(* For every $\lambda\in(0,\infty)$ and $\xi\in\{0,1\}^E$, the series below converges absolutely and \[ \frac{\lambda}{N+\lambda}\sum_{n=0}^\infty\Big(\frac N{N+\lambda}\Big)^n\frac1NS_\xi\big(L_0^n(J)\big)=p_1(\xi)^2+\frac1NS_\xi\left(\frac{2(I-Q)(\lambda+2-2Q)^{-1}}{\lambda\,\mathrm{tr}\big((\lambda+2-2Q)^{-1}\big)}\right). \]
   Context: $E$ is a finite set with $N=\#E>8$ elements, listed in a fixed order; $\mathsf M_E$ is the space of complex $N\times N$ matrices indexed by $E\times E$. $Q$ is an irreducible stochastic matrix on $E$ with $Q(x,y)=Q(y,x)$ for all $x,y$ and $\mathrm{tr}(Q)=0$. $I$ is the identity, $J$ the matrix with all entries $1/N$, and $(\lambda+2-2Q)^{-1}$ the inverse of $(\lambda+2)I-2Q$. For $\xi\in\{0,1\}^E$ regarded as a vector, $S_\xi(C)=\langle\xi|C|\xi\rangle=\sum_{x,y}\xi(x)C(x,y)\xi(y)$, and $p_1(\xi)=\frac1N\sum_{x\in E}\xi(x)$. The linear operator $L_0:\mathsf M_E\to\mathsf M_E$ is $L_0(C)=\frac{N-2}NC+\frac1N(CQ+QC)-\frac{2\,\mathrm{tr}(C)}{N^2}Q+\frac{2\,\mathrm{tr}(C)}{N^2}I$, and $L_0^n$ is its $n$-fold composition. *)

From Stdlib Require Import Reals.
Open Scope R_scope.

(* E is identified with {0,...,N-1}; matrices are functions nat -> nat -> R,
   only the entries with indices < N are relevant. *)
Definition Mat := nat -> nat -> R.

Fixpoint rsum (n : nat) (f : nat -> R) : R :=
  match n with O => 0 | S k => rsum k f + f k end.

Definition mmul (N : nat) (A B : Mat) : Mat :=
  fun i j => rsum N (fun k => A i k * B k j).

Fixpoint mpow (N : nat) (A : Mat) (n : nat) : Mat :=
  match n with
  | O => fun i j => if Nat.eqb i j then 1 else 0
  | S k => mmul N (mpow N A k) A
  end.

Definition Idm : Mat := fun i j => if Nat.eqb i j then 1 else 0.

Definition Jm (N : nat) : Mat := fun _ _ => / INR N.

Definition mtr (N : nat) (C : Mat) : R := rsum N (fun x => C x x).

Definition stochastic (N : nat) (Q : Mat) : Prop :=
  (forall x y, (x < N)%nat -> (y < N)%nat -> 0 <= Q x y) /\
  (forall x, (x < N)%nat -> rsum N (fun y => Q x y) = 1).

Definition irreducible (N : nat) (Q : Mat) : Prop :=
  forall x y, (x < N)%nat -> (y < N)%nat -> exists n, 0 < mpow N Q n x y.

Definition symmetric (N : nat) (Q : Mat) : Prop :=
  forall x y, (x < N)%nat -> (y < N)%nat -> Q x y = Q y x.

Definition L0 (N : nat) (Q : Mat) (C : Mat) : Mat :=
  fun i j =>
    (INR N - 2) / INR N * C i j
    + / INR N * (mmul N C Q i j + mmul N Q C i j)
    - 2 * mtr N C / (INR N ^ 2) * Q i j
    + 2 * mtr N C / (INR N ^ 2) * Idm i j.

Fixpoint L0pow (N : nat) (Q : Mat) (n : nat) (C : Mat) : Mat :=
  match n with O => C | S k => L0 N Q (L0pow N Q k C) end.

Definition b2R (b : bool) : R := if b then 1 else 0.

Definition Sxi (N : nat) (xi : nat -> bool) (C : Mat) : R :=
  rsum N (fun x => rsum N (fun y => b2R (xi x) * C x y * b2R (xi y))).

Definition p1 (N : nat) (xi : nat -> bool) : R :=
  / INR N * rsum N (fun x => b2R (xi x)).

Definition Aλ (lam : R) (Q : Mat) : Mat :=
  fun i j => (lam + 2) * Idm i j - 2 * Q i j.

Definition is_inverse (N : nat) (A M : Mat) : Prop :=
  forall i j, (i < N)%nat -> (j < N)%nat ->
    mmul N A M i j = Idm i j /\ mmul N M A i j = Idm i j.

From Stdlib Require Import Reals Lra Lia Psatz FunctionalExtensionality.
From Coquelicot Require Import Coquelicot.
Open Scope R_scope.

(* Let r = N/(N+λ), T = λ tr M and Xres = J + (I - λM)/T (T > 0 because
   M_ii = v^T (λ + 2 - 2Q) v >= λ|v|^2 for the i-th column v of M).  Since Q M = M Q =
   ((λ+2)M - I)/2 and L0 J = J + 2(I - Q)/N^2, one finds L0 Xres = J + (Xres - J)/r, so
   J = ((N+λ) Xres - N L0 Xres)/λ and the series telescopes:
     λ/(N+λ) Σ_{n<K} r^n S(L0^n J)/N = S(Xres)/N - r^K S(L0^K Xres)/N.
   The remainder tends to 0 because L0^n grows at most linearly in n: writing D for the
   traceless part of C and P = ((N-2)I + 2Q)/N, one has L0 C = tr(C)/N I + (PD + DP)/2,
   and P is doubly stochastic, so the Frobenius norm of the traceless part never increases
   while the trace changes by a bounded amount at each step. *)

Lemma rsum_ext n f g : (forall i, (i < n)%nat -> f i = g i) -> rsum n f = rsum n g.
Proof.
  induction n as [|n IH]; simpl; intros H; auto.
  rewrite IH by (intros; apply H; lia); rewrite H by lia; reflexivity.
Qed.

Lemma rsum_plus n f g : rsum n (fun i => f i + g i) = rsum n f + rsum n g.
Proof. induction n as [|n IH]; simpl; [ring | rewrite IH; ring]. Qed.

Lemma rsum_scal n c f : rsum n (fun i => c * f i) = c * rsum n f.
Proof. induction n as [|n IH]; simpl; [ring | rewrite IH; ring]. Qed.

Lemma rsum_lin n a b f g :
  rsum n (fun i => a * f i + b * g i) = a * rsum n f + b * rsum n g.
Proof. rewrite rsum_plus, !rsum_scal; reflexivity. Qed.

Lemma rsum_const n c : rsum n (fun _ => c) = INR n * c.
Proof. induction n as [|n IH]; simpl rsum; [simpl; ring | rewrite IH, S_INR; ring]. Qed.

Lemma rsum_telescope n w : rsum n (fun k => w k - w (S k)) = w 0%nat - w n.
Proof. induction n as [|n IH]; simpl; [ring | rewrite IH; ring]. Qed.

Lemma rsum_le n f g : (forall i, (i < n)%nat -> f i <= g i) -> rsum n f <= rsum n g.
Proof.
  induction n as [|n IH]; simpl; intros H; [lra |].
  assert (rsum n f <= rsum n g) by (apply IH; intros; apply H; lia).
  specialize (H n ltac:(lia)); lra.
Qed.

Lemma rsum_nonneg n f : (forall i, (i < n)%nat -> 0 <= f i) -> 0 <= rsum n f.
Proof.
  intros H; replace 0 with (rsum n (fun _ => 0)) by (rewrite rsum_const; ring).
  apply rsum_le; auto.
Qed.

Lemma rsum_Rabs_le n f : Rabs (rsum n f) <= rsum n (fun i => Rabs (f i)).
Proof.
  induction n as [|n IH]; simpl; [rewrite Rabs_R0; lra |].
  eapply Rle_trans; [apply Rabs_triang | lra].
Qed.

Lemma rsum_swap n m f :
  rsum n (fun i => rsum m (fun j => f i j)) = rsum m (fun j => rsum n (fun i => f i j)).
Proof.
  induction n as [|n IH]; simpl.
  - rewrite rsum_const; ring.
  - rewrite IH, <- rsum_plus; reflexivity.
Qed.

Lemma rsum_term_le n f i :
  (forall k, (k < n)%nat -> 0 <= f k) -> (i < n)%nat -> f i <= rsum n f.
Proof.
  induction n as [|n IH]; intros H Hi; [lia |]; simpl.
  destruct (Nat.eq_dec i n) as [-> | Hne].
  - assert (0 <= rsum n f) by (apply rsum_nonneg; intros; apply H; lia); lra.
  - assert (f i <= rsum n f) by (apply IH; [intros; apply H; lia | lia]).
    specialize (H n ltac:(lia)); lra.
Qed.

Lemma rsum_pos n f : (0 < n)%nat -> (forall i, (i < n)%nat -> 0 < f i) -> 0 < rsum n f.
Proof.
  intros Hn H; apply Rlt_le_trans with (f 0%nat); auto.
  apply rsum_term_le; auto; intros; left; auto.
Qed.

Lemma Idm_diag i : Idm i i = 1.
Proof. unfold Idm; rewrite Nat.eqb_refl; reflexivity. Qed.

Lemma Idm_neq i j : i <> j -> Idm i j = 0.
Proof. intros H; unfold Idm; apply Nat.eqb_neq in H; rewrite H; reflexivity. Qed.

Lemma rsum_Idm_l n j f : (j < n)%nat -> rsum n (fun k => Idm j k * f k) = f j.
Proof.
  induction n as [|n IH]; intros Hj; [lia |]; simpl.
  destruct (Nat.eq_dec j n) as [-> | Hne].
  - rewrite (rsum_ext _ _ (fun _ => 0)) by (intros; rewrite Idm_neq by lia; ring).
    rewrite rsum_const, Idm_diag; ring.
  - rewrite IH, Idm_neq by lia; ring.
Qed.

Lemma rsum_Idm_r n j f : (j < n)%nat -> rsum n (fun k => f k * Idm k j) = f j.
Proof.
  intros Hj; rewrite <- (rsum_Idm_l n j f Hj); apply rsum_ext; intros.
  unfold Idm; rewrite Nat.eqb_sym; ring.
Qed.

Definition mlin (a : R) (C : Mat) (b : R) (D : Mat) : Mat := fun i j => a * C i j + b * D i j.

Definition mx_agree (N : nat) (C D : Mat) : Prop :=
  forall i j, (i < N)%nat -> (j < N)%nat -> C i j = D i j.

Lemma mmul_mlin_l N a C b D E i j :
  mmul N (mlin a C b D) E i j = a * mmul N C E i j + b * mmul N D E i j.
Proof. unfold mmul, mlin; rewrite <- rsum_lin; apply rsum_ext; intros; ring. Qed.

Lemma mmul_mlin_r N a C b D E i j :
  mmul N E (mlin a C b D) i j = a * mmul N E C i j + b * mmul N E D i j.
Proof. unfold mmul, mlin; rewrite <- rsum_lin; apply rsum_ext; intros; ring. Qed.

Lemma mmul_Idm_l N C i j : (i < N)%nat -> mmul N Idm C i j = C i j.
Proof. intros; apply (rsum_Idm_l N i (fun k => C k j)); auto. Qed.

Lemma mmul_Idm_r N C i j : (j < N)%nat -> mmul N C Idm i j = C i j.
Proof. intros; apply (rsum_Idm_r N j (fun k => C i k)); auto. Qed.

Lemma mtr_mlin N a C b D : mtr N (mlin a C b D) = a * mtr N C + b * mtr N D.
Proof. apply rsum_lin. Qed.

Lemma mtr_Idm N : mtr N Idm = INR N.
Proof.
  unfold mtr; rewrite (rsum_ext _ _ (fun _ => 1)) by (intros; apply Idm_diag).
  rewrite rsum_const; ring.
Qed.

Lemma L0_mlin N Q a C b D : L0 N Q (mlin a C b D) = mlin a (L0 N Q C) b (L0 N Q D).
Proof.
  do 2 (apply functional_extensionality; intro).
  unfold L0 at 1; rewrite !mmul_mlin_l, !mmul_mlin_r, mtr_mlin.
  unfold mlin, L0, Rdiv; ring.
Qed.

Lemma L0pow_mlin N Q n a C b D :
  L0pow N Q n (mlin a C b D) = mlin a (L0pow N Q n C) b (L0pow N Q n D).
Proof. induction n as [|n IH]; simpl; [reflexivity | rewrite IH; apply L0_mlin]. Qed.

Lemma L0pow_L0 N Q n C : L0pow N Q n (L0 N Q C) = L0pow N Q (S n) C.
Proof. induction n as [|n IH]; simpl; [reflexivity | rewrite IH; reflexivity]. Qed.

==

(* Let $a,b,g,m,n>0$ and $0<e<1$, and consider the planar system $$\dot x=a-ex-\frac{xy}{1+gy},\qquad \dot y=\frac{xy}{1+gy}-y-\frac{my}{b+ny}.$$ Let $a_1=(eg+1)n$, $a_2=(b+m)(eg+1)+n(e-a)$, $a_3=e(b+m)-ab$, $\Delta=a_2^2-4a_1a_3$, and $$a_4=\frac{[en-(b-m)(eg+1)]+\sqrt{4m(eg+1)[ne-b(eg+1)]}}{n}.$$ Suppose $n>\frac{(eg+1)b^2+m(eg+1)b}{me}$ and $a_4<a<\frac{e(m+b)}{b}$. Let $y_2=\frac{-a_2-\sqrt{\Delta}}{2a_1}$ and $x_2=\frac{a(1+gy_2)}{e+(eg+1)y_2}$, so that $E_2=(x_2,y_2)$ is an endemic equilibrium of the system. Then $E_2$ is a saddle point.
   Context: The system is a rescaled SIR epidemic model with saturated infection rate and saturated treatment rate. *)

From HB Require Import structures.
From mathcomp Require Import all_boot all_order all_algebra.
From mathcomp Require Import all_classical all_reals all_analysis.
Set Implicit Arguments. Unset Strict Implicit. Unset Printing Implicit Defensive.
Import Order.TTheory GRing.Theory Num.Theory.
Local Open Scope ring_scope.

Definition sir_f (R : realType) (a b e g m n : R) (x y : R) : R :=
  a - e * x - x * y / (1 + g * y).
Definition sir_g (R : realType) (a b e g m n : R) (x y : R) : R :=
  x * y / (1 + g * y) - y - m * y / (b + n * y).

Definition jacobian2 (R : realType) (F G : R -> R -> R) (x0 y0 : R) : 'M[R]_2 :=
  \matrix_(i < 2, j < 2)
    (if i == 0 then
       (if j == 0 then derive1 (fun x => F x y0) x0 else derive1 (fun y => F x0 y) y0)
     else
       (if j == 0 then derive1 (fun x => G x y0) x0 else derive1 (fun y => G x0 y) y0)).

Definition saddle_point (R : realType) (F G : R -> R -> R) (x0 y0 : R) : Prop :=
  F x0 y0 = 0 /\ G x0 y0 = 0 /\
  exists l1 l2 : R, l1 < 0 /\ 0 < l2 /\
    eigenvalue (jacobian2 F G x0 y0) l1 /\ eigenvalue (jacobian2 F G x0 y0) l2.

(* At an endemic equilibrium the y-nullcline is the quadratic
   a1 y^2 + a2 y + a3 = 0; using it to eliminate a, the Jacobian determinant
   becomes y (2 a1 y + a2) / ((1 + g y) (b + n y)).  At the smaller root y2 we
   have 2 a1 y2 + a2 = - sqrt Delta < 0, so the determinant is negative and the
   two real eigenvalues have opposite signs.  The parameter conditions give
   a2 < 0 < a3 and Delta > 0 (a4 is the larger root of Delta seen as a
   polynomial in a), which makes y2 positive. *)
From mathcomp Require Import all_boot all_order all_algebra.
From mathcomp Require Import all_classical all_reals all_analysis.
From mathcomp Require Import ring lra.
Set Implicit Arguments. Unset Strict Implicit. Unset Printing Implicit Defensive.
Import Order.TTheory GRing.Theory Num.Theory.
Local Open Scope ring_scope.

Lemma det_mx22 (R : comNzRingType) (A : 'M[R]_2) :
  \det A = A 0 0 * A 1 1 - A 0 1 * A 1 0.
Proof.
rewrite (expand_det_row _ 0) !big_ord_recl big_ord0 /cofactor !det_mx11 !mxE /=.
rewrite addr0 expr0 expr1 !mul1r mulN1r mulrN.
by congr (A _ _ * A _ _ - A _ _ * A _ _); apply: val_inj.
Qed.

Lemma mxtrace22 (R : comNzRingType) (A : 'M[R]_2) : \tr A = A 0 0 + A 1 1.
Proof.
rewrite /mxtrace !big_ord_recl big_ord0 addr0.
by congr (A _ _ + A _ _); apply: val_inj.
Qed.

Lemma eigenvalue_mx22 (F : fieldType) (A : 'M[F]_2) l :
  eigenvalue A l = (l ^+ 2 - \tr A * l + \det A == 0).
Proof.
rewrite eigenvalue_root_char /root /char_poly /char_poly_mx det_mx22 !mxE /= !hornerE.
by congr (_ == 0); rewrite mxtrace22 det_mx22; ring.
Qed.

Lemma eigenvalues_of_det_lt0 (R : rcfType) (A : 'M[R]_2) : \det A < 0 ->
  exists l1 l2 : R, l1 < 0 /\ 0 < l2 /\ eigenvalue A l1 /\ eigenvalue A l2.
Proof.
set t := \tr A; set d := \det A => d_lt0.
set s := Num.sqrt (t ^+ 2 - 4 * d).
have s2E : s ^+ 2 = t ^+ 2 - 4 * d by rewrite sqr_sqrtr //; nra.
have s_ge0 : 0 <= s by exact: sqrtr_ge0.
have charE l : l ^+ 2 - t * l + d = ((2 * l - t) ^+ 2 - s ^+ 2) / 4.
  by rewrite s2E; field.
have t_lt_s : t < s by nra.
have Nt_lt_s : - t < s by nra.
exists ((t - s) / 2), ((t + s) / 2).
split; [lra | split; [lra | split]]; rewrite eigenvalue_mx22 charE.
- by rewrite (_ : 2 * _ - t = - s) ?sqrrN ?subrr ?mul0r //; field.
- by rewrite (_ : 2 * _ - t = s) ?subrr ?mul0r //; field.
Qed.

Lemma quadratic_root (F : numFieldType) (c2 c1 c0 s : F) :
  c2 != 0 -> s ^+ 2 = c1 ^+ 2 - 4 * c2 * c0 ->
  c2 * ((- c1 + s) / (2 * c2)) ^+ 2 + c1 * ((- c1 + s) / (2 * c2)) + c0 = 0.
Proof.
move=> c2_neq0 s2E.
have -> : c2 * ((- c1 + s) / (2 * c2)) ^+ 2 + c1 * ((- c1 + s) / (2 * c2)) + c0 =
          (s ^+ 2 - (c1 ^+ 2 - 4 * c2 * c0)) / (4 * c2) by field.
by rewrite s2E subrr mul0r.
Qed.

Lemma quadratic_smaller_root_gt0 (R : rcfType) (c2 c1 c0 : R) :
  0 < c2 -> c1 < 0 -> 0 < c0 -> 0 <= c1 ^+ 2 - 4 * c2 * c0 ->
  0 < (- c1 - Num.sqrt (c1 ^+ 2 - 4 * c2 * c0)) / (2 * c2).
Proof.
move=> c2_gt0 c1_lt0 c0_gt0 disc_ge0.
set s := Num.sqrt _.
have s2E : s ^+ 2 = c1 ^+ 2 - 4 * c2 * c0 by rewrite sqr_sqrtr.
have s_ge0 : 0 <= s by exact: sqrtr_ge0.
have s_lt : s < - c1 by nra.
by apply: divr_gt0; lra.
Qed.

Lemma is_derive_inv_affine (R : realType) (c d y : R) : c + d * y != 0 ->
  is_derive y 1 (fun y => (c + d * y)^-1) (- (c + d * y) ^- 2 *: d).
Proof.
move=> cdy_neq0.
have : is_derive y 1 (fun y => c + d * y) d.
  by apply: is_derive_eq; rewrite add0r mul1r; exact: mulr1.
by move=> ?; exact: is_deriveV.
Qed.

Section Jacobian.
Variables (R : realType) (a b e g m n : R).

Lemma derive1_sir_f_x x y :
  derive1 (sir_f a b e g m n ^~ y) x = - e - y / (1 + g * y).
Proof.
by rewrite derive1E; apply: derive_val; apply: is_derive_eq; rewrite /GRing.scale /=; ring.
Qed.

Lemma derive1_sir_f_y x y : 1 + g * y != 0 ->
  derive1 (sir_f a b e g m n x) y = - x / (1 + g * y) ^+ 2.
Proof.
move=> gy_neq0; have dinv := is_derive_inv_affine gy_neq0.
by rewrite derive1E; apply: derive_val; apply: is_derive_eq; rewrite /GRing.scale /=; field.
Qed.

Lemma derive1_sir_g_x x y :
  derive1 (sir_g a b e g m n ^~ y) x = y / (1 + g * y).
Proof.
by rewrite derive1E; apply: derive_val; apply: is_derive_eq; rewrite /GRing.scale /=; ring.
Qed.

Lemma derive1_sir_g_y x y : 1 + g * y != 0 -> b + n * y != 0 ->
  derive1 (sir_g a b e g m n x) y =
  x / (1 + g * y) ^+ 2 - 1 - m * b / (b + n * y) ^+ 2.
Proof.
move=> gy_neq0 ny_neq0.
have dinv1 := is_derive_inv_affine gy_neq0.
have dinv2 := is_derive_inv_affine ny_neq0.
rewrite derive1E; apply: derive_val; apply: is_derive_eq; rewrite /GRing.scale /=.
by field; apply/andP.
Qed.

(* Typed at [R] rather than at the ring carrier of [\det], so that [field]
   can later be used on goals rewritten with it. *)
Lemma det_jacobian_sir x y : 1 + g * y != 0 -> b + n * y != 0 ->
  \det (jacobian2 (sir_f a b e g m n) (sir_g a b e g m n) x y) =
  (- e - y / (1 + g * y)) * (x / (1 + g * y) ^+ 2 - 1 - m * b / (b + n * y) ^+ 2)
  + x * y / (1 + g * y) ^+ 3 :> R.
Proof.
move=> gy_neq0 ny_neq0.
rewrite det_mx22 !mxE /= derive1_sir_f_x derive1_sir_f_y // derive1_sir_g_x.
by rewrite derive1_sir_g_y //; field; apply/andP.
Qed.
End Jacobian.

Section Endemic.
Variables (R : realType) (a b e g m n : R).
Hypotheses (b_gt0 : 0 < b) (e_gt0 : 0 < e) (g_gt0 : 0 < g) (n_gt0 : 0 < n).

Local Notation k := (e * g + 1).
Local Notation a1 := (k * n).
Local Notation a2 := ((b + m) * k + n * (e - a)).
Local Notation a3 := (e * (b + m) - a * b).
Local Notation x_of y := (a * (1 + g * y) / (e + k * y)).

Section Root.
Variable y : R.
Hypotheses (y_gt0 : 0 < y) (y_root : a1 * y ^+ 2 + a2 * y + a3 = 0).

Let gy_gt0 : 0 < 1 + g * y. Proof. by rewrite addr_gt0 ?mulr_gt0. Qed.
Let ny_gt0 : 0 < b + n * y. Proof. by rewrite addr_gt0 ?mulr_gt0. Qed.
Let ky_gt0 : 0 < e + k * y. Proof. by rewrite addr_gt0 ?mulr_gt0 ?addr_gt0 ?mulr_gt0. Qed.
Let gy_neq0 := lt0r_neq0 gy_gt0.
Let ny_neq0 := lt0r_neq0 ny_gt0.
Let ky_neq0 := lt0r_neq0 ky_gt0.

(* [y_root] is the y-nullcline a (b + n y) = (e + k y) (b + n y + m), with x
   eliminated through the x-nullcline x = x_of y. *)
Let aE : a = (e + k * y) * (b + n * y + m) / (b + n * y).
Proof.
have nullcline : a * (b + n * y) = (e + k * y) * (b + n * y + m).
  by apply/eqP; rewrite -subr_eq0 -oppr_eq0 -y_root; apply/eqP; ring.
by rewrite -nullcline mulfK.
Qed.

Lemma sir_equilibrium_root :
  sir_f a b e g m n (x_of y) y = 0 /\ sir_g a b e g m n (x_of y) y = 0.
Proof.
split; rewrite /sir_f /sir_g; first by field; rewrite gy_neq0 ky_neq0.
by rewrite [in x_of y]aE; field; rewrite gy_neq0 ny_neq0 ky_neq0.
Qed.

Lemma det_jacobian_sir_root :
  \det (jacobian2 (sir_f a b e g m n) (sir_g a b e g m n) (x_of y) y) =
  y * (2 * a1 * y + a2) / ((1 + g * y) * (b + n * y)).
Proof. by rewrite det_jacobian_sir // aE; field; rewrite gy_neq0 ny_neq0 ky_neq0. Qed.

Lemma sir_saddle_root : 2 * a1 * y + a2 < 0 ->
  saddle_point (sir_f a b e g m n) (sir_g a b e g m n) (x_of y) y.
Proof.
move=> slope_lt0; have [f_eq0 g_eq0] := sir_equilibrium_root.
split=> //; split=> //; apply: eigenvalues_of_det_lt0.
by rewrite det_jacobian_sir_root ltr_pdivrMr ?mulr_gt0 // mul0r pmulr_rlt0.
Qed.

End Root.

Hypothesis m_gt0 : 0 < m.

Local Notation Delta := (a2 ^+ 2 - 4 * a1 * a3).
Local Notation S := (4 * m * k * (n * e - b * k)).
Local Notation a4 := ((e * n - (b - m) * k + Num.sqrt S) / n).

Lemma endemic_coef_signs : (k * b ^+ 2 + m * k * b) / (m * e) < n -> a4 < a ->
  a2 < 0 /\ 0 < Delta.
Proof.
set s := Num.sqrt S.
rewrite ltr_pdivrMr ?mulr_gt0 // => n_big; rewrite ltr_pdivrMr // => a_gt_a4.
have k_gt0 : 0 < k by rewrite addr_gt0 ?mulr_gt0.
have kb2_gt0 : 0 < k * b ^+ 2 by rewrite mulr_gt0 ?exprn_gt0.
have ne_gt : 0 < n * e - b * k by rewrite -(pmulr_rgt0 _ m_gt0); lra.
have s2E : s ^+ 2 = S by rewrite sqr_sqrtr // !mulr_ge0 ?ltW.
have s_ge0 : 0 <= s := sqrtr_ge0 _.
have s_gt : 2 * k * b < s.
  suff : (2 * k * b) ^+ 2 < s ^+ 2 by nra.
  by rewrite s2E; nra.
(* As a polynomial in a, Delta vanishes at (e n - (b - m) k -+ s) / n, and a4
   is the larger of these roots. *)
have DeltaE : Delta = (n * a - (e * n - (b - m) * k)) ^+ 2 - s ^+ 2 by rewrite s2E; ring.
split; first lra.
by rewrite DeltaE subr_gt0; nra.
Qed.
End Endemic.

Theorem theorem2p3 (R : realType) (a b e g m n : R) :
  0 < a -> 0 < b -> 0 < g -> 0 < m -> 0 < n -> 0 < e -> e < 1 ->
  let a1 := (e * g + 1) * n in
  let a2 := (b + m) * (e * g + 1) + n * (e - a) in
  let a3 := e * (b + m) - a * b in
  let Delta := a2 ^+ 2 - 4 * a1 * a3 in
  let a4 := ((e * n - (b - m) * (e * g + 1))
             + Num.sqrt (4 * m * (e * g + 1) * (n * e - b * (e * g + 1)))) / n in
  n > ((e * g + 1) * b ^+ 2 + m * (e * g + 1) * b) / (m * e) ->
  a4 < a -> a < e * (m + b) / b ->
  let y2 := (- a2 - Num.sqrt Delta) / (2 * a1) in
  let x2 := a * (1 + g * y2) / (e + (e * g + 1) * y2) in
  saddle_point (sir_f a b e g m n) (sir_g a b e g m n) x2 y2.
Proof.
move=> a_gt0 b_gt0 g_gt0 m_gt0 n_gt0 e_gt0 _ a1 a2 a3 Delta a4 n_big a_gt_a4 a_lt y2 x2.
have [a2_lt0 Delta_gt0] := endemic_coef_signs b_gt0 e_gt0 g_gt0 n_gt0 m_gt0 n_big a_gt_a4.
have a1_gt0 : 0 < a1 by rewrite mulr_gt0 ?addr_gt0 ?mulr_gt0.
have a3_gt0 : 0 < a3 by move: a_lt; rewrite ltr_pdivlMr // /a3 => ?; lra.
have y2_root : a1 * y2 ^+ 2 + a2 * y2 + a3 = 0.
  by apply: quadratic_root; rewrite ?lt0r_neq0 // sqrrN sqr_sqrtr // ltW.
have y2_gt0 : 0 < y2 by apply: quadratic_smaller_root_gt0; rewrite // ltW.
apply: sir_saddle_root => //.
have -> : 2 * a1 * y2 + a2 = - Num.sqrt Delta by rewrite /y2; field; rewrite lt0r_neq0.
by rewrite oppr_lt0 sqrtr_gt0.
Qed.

To do:
Copy out each line of the material in which the word "auto" turns up.

Solution to this task:
  induction n as [|n IH]; simpl; intros H; auto.
  apply rsum_le; auto.
  intros Hn H; apply Rlt_le_trans with (f 0%nat); auto.
  apply rsum_term_le; auto; intros; left; auto.
Proof. intros; apply (rsum_Idm_l N i (fun k => C k j)); auto. Qed.
Proof. intros; apply (rsum_Idm_r N j (fun k => C i k)); auto. Qed.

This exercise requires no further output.